Thumps was beginning to feel like piggy in the middle. “The big guy is asking.”
“U.S. Customs,” said Gage. “Retired.”
“Fixed income?” asked Beth.
“‘Fixed’ makes it sound as though it was working at some point.”
Beth nodded. “For a retired federal employee on a fixed income, you seem to know a lot about high-end goodies.”
“Occupational hazard,” said Gage. “You’d be amazed what people try to smuggle into the country.”
“Nice house,” said Beth, “for a retired federal employee on a fixed income.”
“Renting,” said Gage. “Surprisingly cheap, but I should have specified no dead bodies in the agreement.”
“Injured,” said Beth. “Not dead.”
“Point taken.”
“Okay,” said Thumps. “We got a Mr. Brown who may in fact be a Mr. Greeley, who is found behind your place with a night-vision monocular and a camera.”
“Don’t forget the water and the energy bars,” said Beth.
“Before you ask, I never saw him before in my life.” Gage crossed her arms. “I’m thinking he’s a Republican, but I’ll leave the thinking to those who get paid for doing that sort of work.”
“Deputy Sheriff DreadfulWater is in charge of thinking,” said Beth. “I just do the how.”
“Speaking of which,” said Gage, “I better go find Howdy.

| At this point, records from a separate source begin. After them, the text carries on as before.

(* Let $R=k[x_1,\dots,x_n]$, let $f_1,\dots,f_m\in R$, $\mathbf f=(f_1,\dots,f_m)$, and $I=\langle f_1,\dots,f_m\rangle$. Fix any term order on $R$ and any term order on the free module $R^m$, and run the algorithm AGC (described in the context) on the input $f_1^{[\mathbf e_1]},\dots,f_m^{[\mathbf e_m]}$, using a partial order $<$ on the current set $G$ for the generalized rewritable criterion. If the algorithm AGC terminates after finitely many steps and the partial order $<$ is admissible, then the set $G$ it returns is a labeled Gröbner basis for $I$.
   Context: Notation: a ''polynomial in $I$'' is a pair written $f^{[\mathbf u]}$ with $\mathbf u=(p_1,\dots,p_m)\in R^m$ and $f=\mathbf u\cdot\mathbf f=\sum p_if_i$; two such pairs are equal iff both components are equal. Operations: $f^{[\mathbf u]}+g^{[\mathbf v]}=(f+g)^{[\mathbf u+\mathbf v]}$ and $ct(f^{[\mathbf u]})=(ctf)^{[ct\mathbf u]}$ for $c\in k$, $t$ a power product. $\mathbf e_i$ is the $i$-th unit vector of $R^m$. $\mathrm{lpp}$ and $\mathrm{lc}$ denote leading power product and leading coefficient (in $R$ w.r.t. the term order on $R$, in $R^m$ w.r.t. the term order on $R^m$); both orders are denoted $\prec$; convention $\mathrm{lpp}(0)=0\prec$ every nonzero power product. The signature of $f^{[\mathbf u]}$ is $\mathrm{lpp}(\mathbf u)$. A module monomial $x^\alpha\mathbf e_i$ divides $x^\beta\mathbf e_j$ iff $i=j$ and $x^\alpha\mid x^\beta$. A polynomial $0^{[\mathbf u]}$ is called a syzygy polynomial. Critical pair: for $f^{[\mathbf u]},g^{[\mathbf v]}$ with $f,g\neq0$, let $t=\mathrm{lcm}(\mathrm{lpp}(f),\mathrm{lpp}(g))$, $t_f=t/\mathrm{lpp}(f)$, $t_g=t/\mathrm{lpp}(g)$; if $\mathrm{lpp}(t_f\mathbf u)\succeq\mathrm{lpp}(t_g\mathbf v)$, the 4-tuple $(t_f,f^{[\mathbf u]},t_g,g^{[\mathbf v]})$ is the critical pair of $f^{[\mathbf u]}$ and $g^{[\mathbf v]}$, and its S-polynomial is $t_f(f^{[\mathbf u]})-c\,t_g(g^{[\mathbf v]})$ with $c=\mathrm{lc}(f)/\mathrm{lc}(g)$. The critical pair is regular if $\mathrm{lpp}(t_f\mathbf u)\succ\mathrm{lpp}(t_g\mathbf v)$. Partial order: a relation $<$ on the current set $G$ that is irreflexive, transitive, and such that $a<b$ does not imply $b<a$; it is updated whenever elements are added to $G$. Generalized rewritable: for $f^{[\mathbf u]}\in B$ with $f\ne0$ and a power product $t$, $t(f^{[\mathbf u]})$ is gen-rewritable by $B$ if there exists $g^{[\mathbf v]}\in B$ with $\mathrm{lpp}(\mathbf v)\mid\mathrm{lpp}(t\mathbf u)$ and $g^{[\mathbf v]}<f^{[\mathbf u]}$. A critical pair $(t_f,f^{[\mathbf u]},t_g,g^{[\mathbf v]})$ is gen-rewritable by $B$ if $t_f(f^{[\mathbf u]})$ or $t_g(g^{[\mathbf v]})$ is. One-side reduction: $f^{[\mathbf u]}$ is reducible by $h^{[\mathbf w]}\in G$ ($f,h\ne 0$) if $\mathrm{lpp}(h)\mid\mathrm{lpp}(f)$ and $\mathrm{lpp}(t\mathbf w)\prec\mathrm{lpp}(\mathbf u)$ where $t=\mathrm{lpp}(f)/\mathrm{lpp}(h)$; a one-step reduction replaces $f^{[\mathbf u]}$ by $f^{[\mathbf u]}-ct(h^{[\mathbf w]})$, $c=\mathrm{lc}(f)/\mathrm{lc}(h)$. ''$f^{[\mathbf u]}$ is reduced to $f'^{[\mathbf u']}$ by $G$'' means $f'^{[\mathbf u']}$ is obtained by finitely many one-step reductions and is not reducible by $G$. Algorithm AGC: set $G:=\{f_i^{[\mathbf e_i]}:1\le i\le m\}\cup\{0^{[f_j\mathbf e_i-f_i\mathbf e_j]}:1\le i<j\le m\}$ and CPairs := the set of critical pairs of elements of $G$. While CPairs is nonempty: pick any critical pair $(t_f,f^{[\mathbf u]},t_g,g^{[\mathbf v]})$ in CPairs and remove it; if it is regular and not gen-rewritable by $G$, reduce its S-polynomial by $G$ to $h^{[\mathbf w]}$, add to CPairs the critical pairs of $h^{[\mathbf w]}$ with elements of $G$, and set $G:=G\cup\{h^{[\mathbf w]}\}\cup\{0^{[h\mathbf e_i-f_i\mathbf w]}:1\le i\le m\}$ (updating $<$). Return $G$. Admissible: the partial order $<$ is admissible if whenever the algorithm reduces the S-polynomial of a critical pair $(t_f,f^{[\mathbf u]},t_g,g^{[\mathbf v]})$ of $G$ to $h^{[\mathbf w]}$, after updating $<$ for $G\cup\{h^{[\mathbf w]}\}$ one has $h^{[\mathbf w]}<f^{[\mathbf u]}$. Labeled Gröbner basis: a finite set $G$ of polynomials in $I$ such that for every $f^{[\mathbf u]}$ in $I$ with $f\ne0$ there is $g^{[\mathbf v]}\in G$ with $\mathrm{lpp}(g)\mid\mathrm{lpp}(f)$ and $\mathrm{lpp}(t\mathbf v)\preceq\mathrm{lpp}(\mathbf u)$, where $t=\mathrm{lpp}(f)/\mathrm{lpp}(g)$. *)

From HB Require Import structures.
From mathcomp Require Import all_boot all_order all_algebra.
From mathcomp Require Import mpoly.
(* Let $\vec B$ be a binary digit vector of length $N$. If $x\in\mathbb Q\cap[0,1]$, then $F_{\vec B}(x)\in\mathbb Q$.
   Context: A binary digit vector of length (scale factor) $N\ge3$ is $\vec B=(b_0,\dots,b_{N-1})\in\{0,1\}^N$ with $2\le\|\vec B\|:=\sum_i b_i\le N-1$; its digit set is $D=\{i:b_i=1\}$. With $\phi_d(x)=(x+d)/N$ for $d\in D$, let $\mu_{\vec B}$ be the unique Borel probability measure with $\mu_{\vec B}=\frac{1}{\|\vec B\|}\sum_{d\in D}\mu_{\vec B}\circ\phi_d^{-1}$, supported on the attractor $C_{\vec B}\subset[0,1]$. The CDF is $F_{\vec B}(x)=\mu_{\vec B}([0,x])$, $x\in[0,1]$. *)

From HB Require Import structures.
From mathcomp Require Import all_boot all_order all_algebra.
From mathcomp Require Import all_classical all_reals all_analysis.
Set Implicit Arguments. Unset Strict Implicit. Unset Printing Implicit Defensive.
Import Order.TTheory GRing.Theory Num.Theory.
Local Open Scope classical_set_scope.
Local Open Scope ring_scope.

Definition bnorm (N : nat) (b : 'I_N -> bool) : nat := #|[pred i | b i]|.

Definition is_binary_digit_vector (N : nat) (b : 'I_N -> bool) : Prop :=
  (3 <= N)%N /\ (2 <= bnorm b)%N /\ (bnorm b <= N.-1)%N.

Definition phi (R : realType) (N : nat) (d : nat) (x : R) : R :=
  (x + d%:R) / N%:R.

Definition self_similar (R : realType) (N : nat) (b : 'I_N -> bool)
  (mu : probability R R) : Prop :=
  forall A : set R, measurable A ->
    (mu A = ((bnorm b)%:R^-1 : R)%:E *
           \sum_(d < N | b d) mu (phi N d @^-1` A))%E.

Definition cdfB (R : realType) (mu : probability R R) (x : R) : \bar R :=
  mu `[0, x]%classic.

(* The distribution function F y = mu ]-oo, y] satisfies
   F x = ||B||^-1 * sum_(d in D) F (N x - d).  First, mu lives on [0, 1]: the
   mass outside [-c, 1 + c] is bounded by the mass outside [-cN, 1 + cN], hence
   vanishes, and then the mass of ]-oo, 0[ (resp. ]1, +oo[) is at most ||B||^-1
   times itself, since only the digit 0 (resp. N - 1) maps it back into itself.
   For x = p/q in [0, 1) write N x = k + r/q with k < N and r < q; then
   F (p/q) = a + c F (r/q) with a, c rational and 0 <= c <= ||B||^-1 < 1.
   The orbit of p under p |-> N p mod q is eventually periodic, and along a
   cycle these affine relations compose to F y = A + C F y with C < 1, so F is
   rational on the whole orbit. *)

From HB Require Import structures.
From mathcomp Require Import all_boot all_order all_algebra.
From mathcomp Require Import all_classical all_reals all_analysis.
From mathcomp Require Import measurable_realfun ring lra.
Set Implicit Arguments. Unset Strict Implicit. Unset Printing Implicit Defensive.
Import Order.TTheory GRing.Theory Num.Theory.
Local Open Scope classical_set_scope.
Local Open Scope ring_scope.

Section AffineOrbit.
Variables (R : numFieldType) (T : finType) (f : T -> T) (g : T -> R).
Hypothesis g_affine : forall t, exists a c : rat,
  [/\ 0 <= c, c < 1 & g t = ratr a + ratr c * g (f t)].

Lemma affine_iter n t : exists a c : rat,
  [/\ 0 <= c, c < 1 & g t = ratr a + ratr c * g (iter n.+1 f t)].
Proof.
elim: n t => [|n IHn] t; first exact: g_affine.
have [a [c [c_ge0 c_lt1 ->]]] := g_affine t.
have [a' [c' [c'_ge0 c'_lt1 ->]]] := IHn (f t).
exists (a + c * a'), (c * c'); split; first exact: mulr_ge0.
  by rewrite -[1]mulr1 ltr_pM.
by rewrite -iterSr rmorphD !rmorphM mulrDr addrA mulrA.
Qed.

Lemma periodic_rat_value n t : iter n.+1 f t = t -> exists z : rat, g t = ratr z.
Proof.
move=> periodic; have [a [c [_ c_lt1 gt]]] := affine_iter n t.
rewrite periodic in gt; exists (a / (1 - c)).
have c1 : ratr (1 - c) != 0 :> R by rewrite fmorph_eq0 subr_eq0 gt_eqF.
rewrite fmorph_div -[g t](mulfK c1); congr (_ / _).
by rewrite rmorphB rmorph1 mulrBr mulr1 {1}gt mulrC addrK.
Qed.

Lemma iter_rat_value n t : (exists z : rat, g (iter n f t) = ratr z) ->
  exists z : rat, g t = ratr z.
Proof.
elim: n t => // n IHn t; rewrite iterSr => /IHn [z gz].
have [a [c [_ _ ->]]] := g_affine t.
by exists (a + c * z); rewrite gz rmorphD rmorphM.
Qed.

Lemma affine_orbit_rat t : exists z : rat, g t = ratr z.
Proof.
have /trajectP[i lt_i_order orbit_loops] := looping_order f t.
apply: (@iter_rat_value i); apply: (@periodic_rat_value (order f t - i).-1).
by rewrite prednK ?subn_gt0 // -iterD subnK ?orbit_loops // ltnW.
Qed.

End AffineOrbit.

Section Contraction.
Variables (R : realType) (N : nat).
Hypothesis N_gt0 : (0 < N)%N.

Let NR_gt0 : 0 < N%:R :> R. Proof. by rewrite ltr0n. Qed.

Lemma phi_le d (x y : R) : (phi N d y <= x) = (y <= x * N%:R - d%:R).
Proof. by rewrite /phi ler_pdivrMr // lerBrDr. Qed.

Lemma phi_lt d (x y : R) : (phi N d y < x) = (y < x * N%:R - d%:R).
Proof. by rewrite /phi ltr_pdivrMr // ltrBrDr. Qed.

Lemma le_phi d (x y : R) : (x <= phi N d y) = (x * N%:R - d%:R <= y).
Proof. by rewrite /phi ler_pdivlMr // lerBlDr. Qed.

Lemma lt_phi d (x y : R) : (x < phi N d y) = (x * N%:R - d%:R < y).
Proof. by rewrite /phi ltr_pdivlMr // ltrBlDr. Qed.

Lemma measurable_preimage_phi d (A : set R) :
  measurable A -> measurable (phi N d @^-1` A).
Proof.
move=> mA; rewrite -[_ @^-1` _]setTI.
apply: (measurableT_comp (mulrr_measurable _)) => //.
by apply: measurable_funD => //; exact: measurable_cst.
Qed.

End Contraction.

Section SelfSimilar.
Variables (R : realType) (N : nat) (b : 'I_N -> bool) (mu : probability R R).
Hypotheses (hb : is_binary_digit_vector b) (hs : self_similar b mu).

Let N_gt1 : (1 < N)%N. Proof. by case: hb => N_ge3 _; apply: leq_trans N_ge3. Qed.
Let N_gt0 : (0 < N)%N. Proof. exact: ltnW. Qed.
Let NR_gt0 : 0 < N%:R :> R. Proof. by rewrite ltr0n. Qed.
Let bnorm_gt1 : (1 < bnorm b)%N. Proof. by case: hb => _ []. Qed.
Let bnormR_gt1 : 1 < (bnorm b)%:R :> R. Proof. by rewrite ltr1n. Qed.
Let bnormR_gt0 : 0 < (bnorm b)%:R :> R. Proof. exact: lt_trans ltr01 bnormR_gt1. Qed.

Definition pr (A : set R) : R := fine (mu A).

Lemma prE A : measurable A -> mu A = (pr A)%:E.
Proof. by move=> mA; rewrite fineK // fin_num_measure. Qed.

Lemma pr_ge0 A : 0 <= pr A.
Proof. exact: fine_ge0. Qed.

Lemma pr_le A B : measurable A -> measurable B -> A `<=` B -> pr A <= pr B.
Proof.
move=> mA mB AB; rewrite -lee_fin -!prE //.
by apply: le_measure => //; rewrite inE.
Qed.

Lemma pr_self_similar A : measurable A ->
  pr A = (bnorm b)%:R^-1 * \sum_(d < N | b d) pr (phi N d @^-1` A).
Proof.
move=> mA; rewrite {1}/pr hs //= (eq_bigr (fun d : 'I_N => (pr (phi N d @^-1` A))%:E)).
  by rewrite sumEFin -EFinM.
by move=> d _; rewrite -prE //; exact: measurable_preimage_phi.
Qed.

Lemma pr_le_of_preimage A v : measurable A ->
  (forall d : 'I_N, b d -> pr (phi N d @^-1` A) <= v) -> pr A <= v.
Proof.
move=> mA le_v; rewrite pr_self_similar //.
rewrite ler_pdivrMl //; apply: le_trans (ler_sum _ le_v) _.
by rewrite (eq_bigl [pred d | b d]) // sumr_const mulr_natl.
Qed.

Lemma pr_eq0_of_return A (k : 'I_N) : measurable A ->
  phi N k @^-1` A `<=` A ->
  (forall d : 'I_N, b d -> d != k -> pr (phi N d @^-1` A) = 0) -> pr A = 0.
Proof.
move=> mA returns null.
have mphi (d : 'I_N) : measurable (phi N d @^-1` A).
  exact: measurable_preimage_phi.
have sum_le : \sum_(d < N | b d) pr (phi N d @^-1` A) <= pr A.
  rewrite (bigID (pred1 k)) /= [X in _ + X]big1 ?addr0; last first.
    by move=> d /andP[]; exact: null.
  have [bk|nbk] := boolP (b k).
    rewrite (big_pred1 k) ?pr_le // => d /=.
    by rewrite andbC; case: eqP => // ->.
  rewrite big_pred0 ?pr_ge0 // => d /=.
  by case: eqP => [->|]; rewrite ?andbF // (negbTE nbk).
have : pr A <= (bnorm b)%:R^-1 * pr A.
  by rewrite {1}pr_self_similar // ler_wpM2l // invr_ge0 ltW.
rewrite ler_pdivlMl //.
have := pr_ge0 A; have := bnormR_gt1; nra.
Qed.

Lemma pr_outside_itv : pr (~` `[-1, 2]%classic) = 0.
Proof.
pose K (c : R) := `[- c, 1 + c]%classic.
have mK c : measurable (~` K c) by apply: measurableC; exact: measurable_itv.
have dilate c : 0 <= c -> pr (~` K c) <= pr (~` K (c * N%:R)).
  move=> c_ge0; apply: pr_le_of_preimage => // d _.
  apply: pr_le => //; first exact: measurable_preimage_phi.
  have d_ge0 := ler0n R d.
  have d_lt : d%:R + 1 <= N%:R :> R by rewrite natr1 ler_nat.
  rewrite preimage_setC; apply: subsetC => y; rewrite /K /= !in_itv /=.
  by rewrite le_phi // phi_le // => /andP[lo hi]; apply/andP; split; nra.
have K_mono (c c' : R) : c <= c' -> ~` K c' `<=` ~` K c.
  by move=> le_cc'; apply: subsetC => y; rewrite /K /= !in_itv /=; lra.
have le_nat n : pr (~` K 1) <= pr (~` K n%:R).
  apply: (@le_trans _ _ (pr (~` K (N ^ n)%:R))).
    elim: n => [|n IHn]; first by rewrite expn0.
    by rewrite expnSr natrM; apply: le_trans IHn (dilate _ (ler0n _ _)).
  by apply: pr_le => //; apply: K_mono; rewrite ler_nat ltnW // ltn_expl.
have cvg0 : mu (~` K n%:R) @[n --> \oo] --> 0%E.
  have <- : mu (\bigcap_n ~` K n%:R) = 0%E.
    rewrite (_ : \bigcap_n _ = set0) ?measure0 //.
    apply/seteqP; split=> // y /(_ (Num.truncn `|y|).+1 I); apply.
    rewrite /K /= in_itv /=; have := truncnS_gt `|y|.
    by case: (ler0P y) => y_sgn gt_y; apply/andP; split; lra.
  apply: nonincreasing_cvg_mu => //.
  - exact: le_lt_trans (probability_le1 mu (mK _)) (ltry _).
  - exact: bigcap_measurable.
  - by move=> n m le_nm; apply/subsetPset/K_mono; rewrite ler_nat.
have : ((pr (~` K 1))%:E <= 0)%E.
  rewrite -(cvg_lim _ cvg0) //; apply: lime_ge; first by apply/cvg_ex; exists 0%E.
  by apply: nearW => n /=; rewrite prE // lee_fin.
by rewrite lee_fin => pr_le0; apply/le_anti; rewrite pr_le0 pr_ge0.
Qed.

Lemma pr_lt0 : pr `]-oo, 0[%classic = 0.
Proof.
apply: (@pr_eq0_of_return _ (Ordinal N_gt0)) => //.
  by move=> y; rewrite /= !in_itv /= phi_lt // mul0r subr0.
move=> d _ d_neq0; apply/le_anti; rewrite pr_ge0 andbT -[leRHS]pr_outside_itv.
apply: pr_le; [exact: measurable_preimage_phi | by apply: measurableC |].
have d_ge1 : 1 <= d%:R :> R.
  by rewrite ler1n lt0n; apply: contra d_neq0 => /eqP d0; apply/eqP/val_inj.
by move=> y; rewrite /= !in_itv /= phi_lt // mul0r sub0r => y_lt; lra.
Qed.

Lemma pr_gt1 : pr `]1, +oo[%classic = 0.
Proof.
have lt_pred : (N.-1 < N)%N by rewrite ltn_predL.
have pred_add1 : N.-1%:R + 1 = N%:R :> R by rewrite natr1 prednK.
apply: (@pr_eq0_of_return _ (Ordinal lt_pred)) => //.
  by move=> y; rewrite /= !in_itv /= !andbT lt_phi // mul1r => y_gt; lra.
move=> d _ d_neq; apply/le_anti; rewrite pr_ge0 andbT -[leRHS]pr_outside_itv.
apply: pr_le; [exact: measurable_preimage_phi | by apply: measurableC |].
have d_lt : (d.+1 < N)%N.
  rewrite ltn_neqAle ltn_ord andbT; apply: contra d_neq => /eqP/(congr1 predn) Nd.
  exact/eqP/val_inj.
have d_add2 : d%:R + 2 <= N%:R :> R by rewrite -natrD ler_nat addn2.
by move=> y; rewrite /= !in_itv /= !andbT lt_phi // mul1r => y_gt; lra.
Qed.

Definition Fmu (y : R) : R := pr `]-oo, y]%classic.

Lemma Fmu_le1 y : Fmu y <= 1.
Proof. by rewrite -lee_fin -prE //; exact: probability_le1. Qed.

Lemma Fmu_lt0 y : y < 0 -> Fmu y = 0.
Proof.
move=> y_lt0; apply/le_anti; rewrite pr_ge0 andbT -[leRHS]pr_lt0.
by apply: pr_le => // z; rewrite /= !in_itv /= => z_le; lra.
Qed.

Lemma Fmu_ge1 y : 1 <= y -> Fmu y = 1.
Proof.
move=> y_ge1; have : pr `]y, +oo[%classic <= 0.
  by rewrite -pr_gt1; apply: pr_le => // z; rewrite /= !in_itv /= !andbT => ?; lra.
have := probability_setC mu (measurable_itv `]-oo, y]).
rewrite setCitvl !prE // -EFinB => -[->] pr_le0.
by apply/le_anti; rewrite Fmu_le1 /= /Fmu; lra.
Qed.

Lemma cdfB_Fmu y : 0 <= y -> cdfB mu y = (Fmu y)%:E.
Proof.
move=> y_ge0; rewrite /Fmu -prE // /cdfB.
have -> : `]-oo, y]%classic = `[0, y]%classic `|` `]-oo, 0[%classic.
  apply/seteqP; split=> z /=; rewrite !in_itv /=; last by case=> /[dup]; lra.
  by case: (ltrP z 0) => z0 z_le; [right | left; apply/andP; split].
have mu_lt0 : mu `]-oo, 0[%classic = 0%E by rewrite prE // pr_lt0.
by rewrite measureU0.
Qed.

Lemma Fmu_self_similar x :
  Fmu x = (bnorm b)%:R^-1 * \sum_(d < N | b d) Fmu (x * N%:R - d%:R).
Proof.
rewrite /Fmu pr_self_similar //; congr (_ * _); apply: eq_bigr => d _.
by congr pr; apply/seteqP; split=> y; rewrite /= !in_itv /= phi_le.
Qed.

Lemma Fmu_phi (k : 'I_N) u : 0 <= u < 1 ->
  Fmu (phi N k u) =
  (#|[pred d : 'I_N | b d & (d < k)%N]|%:R + (b k)%:R * Fmu u) / (bnorm b)%:R.
Proof.
move=> /andP[u_ge0 u_lt1]; rewrite Fmu_self_similar mulrC; congr (_ / _).
have digit (d : 'I_N) : Fmu (phi N k u * N%:R - d%:R) =
    (d < k)%N%:R + (d == k :> nat)%:R * Fmu u.
  rewrite /phi (divfK (lt0r_neq0 NR_gt0)); case: (ssrnat.ltngtP d k) => dk.
  - have : d%:R + 1 <= k%:R :> R by rewrite natr1 ler_nat.
    by rewrite mul0r addr0 => dk'; apply: Fmu_ge1; lra.
  - have : k%:R + 1 <= d%:R :> R by rewrite natr1 ler_nat.
    by rewrite mul0r addr0 => kd'; apply: Fmu_lt0; lra.
  - by rewrite dk addrK add0r mul1r.
rewrite (eq_bigr _ (fun d _ => digit d)) big_split /= -mulr_suml -natr_sum.
congr (_%:R + _ * _).
  by rewrite -sum1_card big_mkcondr; apply: eq_bigl.
rewrite big_mkcond (bigD1 k) //= eqxx big1 ?addr0; first by case: (b k).
by move=> d dk; rewrite val_eqE (negbTE dk); case: (b d).
Qed.

Lemma Fmu_ratio_affine p q : (p < q)%N -> exists a c : rat, [/\ 0 <= c, c < 1 &
  Fmu (p%:R / q%:R) = ratr a + ratr c * Fmu (((N * p) %% q)%:R / q%:R)].
Proof.
move=> lt_pq; have q_gt0 : (0 < q)%N := leq_ltn_trans (leq0n p) lt_pq.
have qR_gt0 : 0 < q%:R :> R by rewrite ltr0n.
set k := ((N * p) %/ q)%N; set r := ((N * p) %% q)%N.
have k_lt : (k < N)%N by rewrite ltn_divLR // ltn_pmul2l.
have r_lt : r%:R / q%:R < 1 :> R by rewrite ltr_pdivrMr // mul1r ltr_nat ltn_pmod.
have -> : p%:R / q%:R = phi N (Ordinal k_lt) (r%:R / q%:R) :> R.
  have Np : N%:R * p%:R = k%:R * q%:R + r%:R :> R by rewrite -!natrM -natrD -divn_eq.
  rewrite /phi /= -[p%:R](mulKf (lt0r_neq0 NR_gt0)) Np.
  by field; rewrite !lt0r_neq0.
exists (#|[pred d : 'I_N | b d & (d < k)%N]|%:R / (bnorm b)%:R).
exists ((b (Ordinal k_lt))%:R / (bnorm b)%:R); split.
- by rewrite divr_ge0.
- rewrite ltr_pdivrMr ?ltr0n ?(ltn_trans _ bnorm_gt1) // mul1r ltr_nat.
  exact: leq_ltn_trans (leq_b1 _) bnorm_gt1.
- rewrite Fmu_phi ?divr_ge0 ?r_lt // !fmorph_div !rmorph_nat.
  by rewrite mulrDl mulrAC.
Qed.

Lemma Fmu_ratio_rat p q : (p < q)%N -> exists z : rat, Fmu (p%:R / q%:R) = ratr z.
Proof.
move=> lt_pq; have q_gt0 : (0 < q)%N := leq_ltn_trans (leq0n p) lt_pq.
pose f (t : 'I_q) : 'I_q := Ordinal (ltn_pmod (N * t) q_gt0).
pose g (t : 'I_q) := Fmu (t%:R / q%:R).
apply: (affine_orbit_rat (f := f) (g := g) _ (Ordinal lt_pq)).
by move=> t; exact: Fmu_ratio_affine.
Qed.

End SelfSimilar.

Theorem lemma2p6 (R : realType) (N : nat) (b : 'I_N -> bool)
  (mu : probability R R) :
  is_binary_digit_vector b -> self_similar b mu ->
  forall x : rat, 0 <= x <= 1 ->
  exists q : rat, cdfB mu (ratr x) = (ratr q)%:E.
Proof.
move=> hb hs x /andP[x_ge0 x_le1].
have [->|x_neq1] := eqVneq x 1.
  by exists 1; rewrite rmorph1 (cdfB_Fmu hb hs) // (Fmu_ge1 hb hs).
have [p Ep] : exists p : nat, numq x = p.
  by exists `|numq x|%N; rewrite gez0_abs ?numq_ge0.
have [q Eq] : exists q : nat, denq x = q.
  by exists `|denq x|%N; rewrite gez0_abs ?denq_ge0.
have Ex : x = p%:R / q%:R by rewrite -[x]divq_num_den Ep Eq.
have lt_pq : (p < q)%N.
  have q_gt0 : 0 < q%:R :> rat by rewrite ltr0n -ltz_nat -Eq denq_gt0.
  have : x < 1 by rewrite lt_neqAle x_neq1.
  by rewrite Ex ltr_pdivrMr // mul1r ltr_nat.
have [z Fz] := Fmu_ratio_rat hb hs lt_pq.
by exists z; rewrite (cdfB_Fmu hb hs) ?ler0q // Ex fmorph_div !rmorph_nat Fz.
Qed.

Before the big dummy gets lost and winds up in Idaho.”
“I’m going to have more questions,” said Thumps.
“You know where to find me,” said Gage. “Kinda quiet out here, so I’d welcome the company.”
Cisco Cruz. That’s where Thumps had seen Gage. On the sidewalk outside the pizza place. With Cisco Cruz.
“I’m going home,” said Beth. “Try to salvage the night.”
Thumps watched Beth trudge back up to her station wagon. He waited until she was on her way to the main road. Then he turned to Gage.
“Cisco Cruz.”
Gage’s face stayed flat and quiet. “Who?”
“Give him a message,” said Thumps. “Tell him to be at the sheriff’s office first thing tomorrow or I’ll find him, tie him to my bumper, and drag him through a patch of prickly pear.”
“That some kind of cactus?”
“It is.”
“You know,” said Gage, “I think I’m going to like it here.”